**Exercise goal**
Could you print exactly the lines of the listing below, starting at the line that has "Section Derivatives." and ending at the line that has "apply (tderiv_from_restriction N k", and only those lines?

**Recorded data**
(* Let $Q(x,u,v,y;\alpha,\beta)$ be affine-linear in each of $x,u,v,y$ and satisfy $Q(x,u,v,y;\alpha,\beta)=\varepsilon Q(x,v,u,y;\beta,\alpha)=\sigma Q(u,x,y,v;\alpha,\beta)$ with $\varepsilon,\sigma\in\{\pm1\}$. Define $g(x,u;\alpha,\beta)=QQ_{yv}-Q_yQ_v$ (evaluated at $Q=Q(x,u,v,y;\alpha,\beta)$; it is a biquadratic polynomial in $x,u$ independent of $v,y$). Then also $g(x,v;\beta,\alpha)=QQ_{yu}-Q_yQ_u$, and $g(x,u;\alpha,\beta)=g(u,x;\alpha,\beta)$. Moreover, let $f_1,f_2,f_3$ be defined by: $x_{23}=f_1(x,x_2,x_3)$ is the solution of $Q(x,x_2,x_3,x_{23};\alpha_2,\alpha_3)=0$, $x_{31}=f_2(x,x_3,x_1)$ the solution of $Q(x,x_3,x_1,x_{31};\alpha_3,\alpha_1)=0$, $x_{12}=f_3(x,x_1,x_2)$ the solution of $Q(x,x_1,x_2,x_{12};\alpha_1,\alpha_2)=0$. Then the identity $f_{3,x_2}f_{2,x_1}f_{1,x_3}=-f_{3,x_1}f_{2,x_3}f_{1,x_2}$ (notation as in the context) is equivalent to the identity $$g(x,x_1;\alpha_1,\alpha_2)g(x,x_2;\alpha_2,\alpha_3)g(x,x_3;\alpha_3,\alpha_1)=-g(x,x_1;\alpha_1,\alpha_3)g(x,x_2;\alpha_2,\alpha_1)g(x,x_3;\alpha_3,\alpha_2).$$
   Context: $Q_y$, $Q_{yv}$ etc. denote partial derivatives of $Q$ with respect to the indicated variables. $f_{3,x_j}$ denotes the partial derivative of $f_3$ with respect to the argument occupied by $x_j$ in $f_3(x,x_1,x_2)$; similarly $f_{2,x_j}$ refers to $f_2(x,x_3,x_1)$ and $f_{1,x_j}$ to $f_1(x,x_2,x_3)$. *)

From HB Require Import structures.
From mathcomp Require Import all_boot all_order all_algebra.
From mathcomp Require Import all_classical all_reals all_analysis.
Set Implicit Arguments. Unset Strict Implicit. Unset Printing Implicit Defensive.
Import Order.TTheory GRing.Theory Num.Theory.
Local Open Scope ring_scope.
* * *
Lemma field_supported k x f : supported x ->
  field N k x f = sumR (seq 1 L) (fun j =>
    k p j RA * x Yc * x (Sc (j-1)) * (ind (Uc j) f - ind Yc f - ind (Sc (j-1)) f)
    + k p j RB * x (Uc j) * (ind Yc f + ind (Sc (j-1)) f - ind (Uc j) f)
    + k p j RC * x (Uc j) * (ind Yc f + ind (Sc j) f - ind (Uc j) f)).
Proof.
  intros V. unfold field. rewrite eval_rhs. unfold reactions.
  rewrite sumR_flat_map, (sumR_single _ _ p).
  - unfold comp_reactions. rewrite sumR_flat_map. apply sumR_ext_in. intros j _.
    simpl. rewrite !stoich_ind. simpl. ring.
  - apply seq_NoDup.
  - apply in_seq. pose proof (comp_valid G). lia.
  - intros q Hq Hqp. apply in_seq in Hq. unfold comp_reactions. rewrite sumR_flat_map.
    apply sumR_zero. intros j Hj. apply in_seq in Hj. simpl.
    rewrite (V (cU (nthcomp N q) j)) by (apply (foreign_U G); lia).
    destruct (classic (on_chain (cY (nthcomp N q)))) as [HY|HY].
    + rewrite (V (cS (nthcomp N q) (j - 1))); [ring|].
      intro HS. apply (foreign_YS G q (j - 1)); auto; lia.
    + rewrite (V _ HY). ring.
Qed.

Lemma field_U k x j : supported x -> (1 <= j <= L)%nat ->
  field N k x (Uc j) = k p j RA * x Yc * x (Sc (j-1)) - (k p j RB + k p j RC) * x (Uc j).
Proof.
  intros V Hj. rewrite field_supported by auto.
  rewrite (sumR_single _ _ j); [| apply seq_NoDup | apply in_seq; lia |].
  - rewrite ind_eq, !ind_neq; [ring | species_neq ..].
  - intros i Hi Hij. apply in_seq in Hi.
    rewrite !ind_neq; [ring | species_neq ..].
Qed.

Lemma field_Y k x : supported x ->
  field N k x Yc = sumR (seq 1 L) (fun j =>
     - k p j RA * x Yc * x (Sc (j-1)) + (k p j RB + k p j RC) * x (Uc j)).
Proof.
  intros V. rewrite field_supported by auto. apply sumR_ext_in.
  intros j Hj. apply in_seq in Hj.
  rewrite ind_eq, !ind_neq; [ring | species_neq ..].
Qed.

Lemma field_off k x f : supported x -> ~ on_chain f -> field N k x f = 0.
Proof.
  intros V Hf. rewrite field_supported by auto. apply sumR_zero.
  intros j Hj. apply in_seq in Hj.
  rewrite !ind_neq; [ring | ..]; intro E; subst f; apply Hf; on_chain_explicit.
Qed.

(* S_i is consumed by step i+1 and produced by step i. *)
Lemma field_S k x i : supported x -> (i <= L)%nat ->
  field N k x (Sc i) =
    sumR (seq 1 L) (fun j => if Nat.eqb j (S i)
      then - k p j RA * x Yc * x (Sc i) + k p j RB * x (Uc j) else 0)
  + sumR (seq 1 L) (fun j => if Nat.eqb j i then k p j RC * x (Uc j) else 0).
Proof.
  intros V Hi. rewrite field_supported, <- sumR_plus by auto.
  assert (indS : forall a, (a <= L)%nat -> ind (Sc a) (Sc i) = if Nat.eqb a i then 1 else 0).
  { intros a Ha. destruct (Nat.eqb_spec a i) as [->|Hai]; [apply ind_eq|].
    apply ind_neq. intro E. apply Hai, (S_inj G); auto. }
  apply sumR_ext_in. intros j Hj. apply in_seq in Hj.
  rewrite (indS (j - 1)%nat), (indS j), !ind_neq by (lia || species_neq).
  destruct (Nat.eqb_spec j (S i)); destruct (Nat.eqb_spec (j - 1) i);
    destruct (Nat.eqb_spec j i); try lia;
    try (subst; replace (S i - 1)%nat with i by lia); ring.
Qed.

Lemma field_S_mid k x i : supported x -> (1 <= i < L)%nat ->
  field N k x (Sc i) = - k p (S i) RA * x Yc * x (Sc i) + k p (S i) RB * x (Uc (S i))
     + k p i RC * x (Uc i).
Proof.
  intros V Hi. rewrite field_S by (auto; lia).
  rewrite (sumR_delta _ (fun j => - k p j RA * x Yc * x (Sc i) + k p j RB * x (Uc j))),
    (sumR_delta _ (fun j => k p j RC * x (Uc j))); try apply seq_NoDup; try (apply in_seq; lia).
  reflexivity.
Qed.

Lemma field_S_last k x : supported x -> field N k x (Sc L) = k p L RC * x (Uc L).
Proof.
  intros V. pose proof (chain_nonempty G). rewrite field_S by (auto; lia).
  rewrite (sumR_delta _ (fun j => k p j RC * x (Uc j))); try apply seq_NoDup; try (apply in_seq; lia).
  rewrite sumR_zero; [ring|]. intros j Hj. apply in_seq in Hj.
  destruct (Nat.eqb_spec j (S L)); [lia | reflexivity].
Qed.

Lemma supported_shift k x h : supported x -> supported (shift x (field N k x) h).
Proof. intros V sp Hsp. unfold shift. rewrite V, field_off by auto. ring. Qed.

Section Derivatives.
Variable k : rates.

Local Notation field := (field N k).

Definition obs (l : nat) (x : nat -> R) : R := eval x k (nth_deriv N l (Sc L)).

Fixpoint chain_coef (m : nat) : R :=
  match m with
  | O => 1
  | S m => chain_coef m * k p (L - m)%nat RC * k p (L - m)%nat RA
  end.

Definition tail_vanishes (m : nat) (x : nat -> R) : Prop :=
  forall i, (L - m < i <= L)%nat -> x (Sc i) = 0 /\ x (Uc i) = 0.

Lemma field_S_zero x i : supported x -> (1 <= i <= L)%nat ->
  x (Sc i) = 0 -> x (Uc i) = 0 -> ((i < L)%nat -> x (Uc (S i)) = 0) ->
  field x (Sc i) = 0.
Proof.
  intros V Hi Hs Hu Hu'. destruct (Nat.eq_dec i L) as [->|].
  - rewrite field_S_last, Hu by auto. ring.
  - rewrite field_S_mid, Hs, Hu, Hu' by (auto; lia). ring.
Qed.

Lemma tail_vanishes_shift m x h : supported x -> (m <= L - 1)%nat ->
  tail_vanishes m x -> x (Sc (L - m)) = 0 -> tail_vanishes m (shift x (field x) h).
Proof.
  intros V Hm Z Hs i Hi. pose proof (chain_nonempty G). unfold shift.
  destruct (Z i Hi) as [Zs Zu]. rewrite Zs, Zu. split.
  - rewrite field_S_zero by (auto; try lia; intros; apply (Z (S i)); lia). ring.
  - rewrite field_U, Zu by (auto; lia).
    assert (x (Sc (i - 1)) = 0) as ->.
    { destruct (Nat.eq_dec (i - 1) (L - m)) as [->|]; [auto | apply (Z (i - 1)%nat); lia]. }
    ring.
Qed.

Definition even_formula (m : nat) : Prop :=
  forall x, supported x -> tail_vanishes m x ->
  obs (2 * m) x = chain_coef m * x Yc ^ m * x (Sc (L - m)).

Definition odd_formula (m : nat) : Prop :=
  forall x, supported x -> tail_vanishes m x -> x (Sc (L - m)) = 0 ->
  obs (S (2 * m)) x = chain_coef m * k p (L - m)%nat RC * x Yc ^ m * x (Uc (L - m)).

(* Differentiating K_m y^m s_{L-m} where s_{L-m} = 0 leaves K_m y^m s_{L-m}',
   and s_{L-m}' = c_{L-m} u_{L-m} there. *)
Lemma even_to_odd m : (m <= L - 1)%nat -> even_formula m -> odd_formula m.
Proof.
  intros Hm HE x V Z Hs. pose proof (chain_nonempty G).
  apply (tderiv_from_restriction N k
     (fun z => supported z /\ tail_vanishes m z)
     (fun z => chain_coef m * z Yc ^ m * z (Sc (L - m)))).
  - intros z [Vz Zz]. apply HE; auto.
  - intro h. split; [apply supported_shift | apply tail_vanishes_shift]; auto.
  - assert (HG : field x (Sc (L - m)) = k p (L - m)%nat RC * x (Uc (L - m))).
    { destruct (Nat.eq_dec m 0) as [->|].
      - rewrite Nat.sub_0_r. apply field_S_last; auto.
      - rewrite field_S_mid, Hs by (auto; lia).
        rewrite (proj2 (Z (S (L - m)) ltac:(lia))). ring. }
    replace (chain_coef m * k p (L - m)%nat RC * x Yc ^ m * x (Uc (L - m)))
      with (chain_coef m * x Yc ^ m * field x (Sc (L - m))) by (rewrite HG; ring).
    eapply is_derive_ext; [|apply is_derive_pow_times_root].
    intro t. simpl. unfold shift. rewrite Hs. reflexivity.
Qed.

**Reply**
Section Derivatives.
Variable k : rates.

Local Notation field := (field N k).

Definition obs (l : nat) (x : nat -> R) : R := eval x k (nth_deriv N l (Sc L)).

Fixpoint chain_coef (m : nat) : R :=
  match m with
  | O => 1
  | S m => chain_coef m * k p (L - m)%nat RC * k p (L - m)%nat RA
  end.

Definition tail_vanishes (m : nat) (x : nat -> R) : Prop :=
  forall i, (L - m < i <= L)%nat -> x (Sc i) = 0 /\ x (Uc i) = 0.

Lemma field_S_zero x i : supported x -> (1 <= i <= L)%nat ->
  x (Sc i) = 0 -> x (Uc i) = 0 -> ((i < L)%nat -> x (Uc (S i)) = 0) ->
  field x (Sc i) = 0.
Proof.
  intros V Hi Hs Hu Hu'. destruct (Nat.eq_dec i L) as [->|].
  - rewrite field_S_last, Hu by auto. ring.
  - rewrite field_S_mid, Hs, Hu, Hu' by (auto; lia). ring.
Qed.

Lemma tail_vanishes_shift m x h : supported x -> (m <= L - 1)%nat ->
  tail_vanishes m x -> x (Sc (L - m)) = 0 -> tail_vanishes m (shift x (field x) h).
Proof.
  intros V Hm Z Hs i Hi. pose proof (chain_nonempty G). unfold shift.
  destruct (Z i Hi) as [Zs Zu]. rewrite Zs, Zu. split.
  - rewrite field_S_zero by (auto; try lia; intros; apply (Z (S i)); lia). ring.
  - rewrite field_U, Zu by (auto; lia).
    assert (x (Sc (i - 1)) = 0) as ->.
    { destruct (Nat.eq_dec (i - 1) (L - m)) as [->|]; [auto | apply (Z (i - 1)%nat); lia]. }
    ring.
Qed.

Definition even_formula (m : nat) : Prop :=
  forall x, supported x -> tail_vanishes m x ->
  obs (2 * m) x = chain_coef m * x Yc ^ m * x (Sc (L - m)).

Definition odd_formula (m : nat) : Prop :=
  forall x, supported x -> tail_vanishes m x -> x (Sc (L - m)) = 0 ->
  obs (S (2 * m)) x = chain_coef m * k p (L - m)%nat RC * x Yc ^ m * x (Uc (L - m)).

(* Differentiating K_m y^m s_{L-m} where s_{L-m} = 0 leaves K_m y^m s_{L-m}',
   and s_{L-m}' = c_{L-m} u_{L-m} there. *)
Lemma even_to_odd m : (m <= L - 1)%nat -> even_formula m -> odd_formula m.
Proof.
  intros Hm HE x V Z Hs. pose proof (chain_nonempty G).
  apply (tderiv_from_restriction N k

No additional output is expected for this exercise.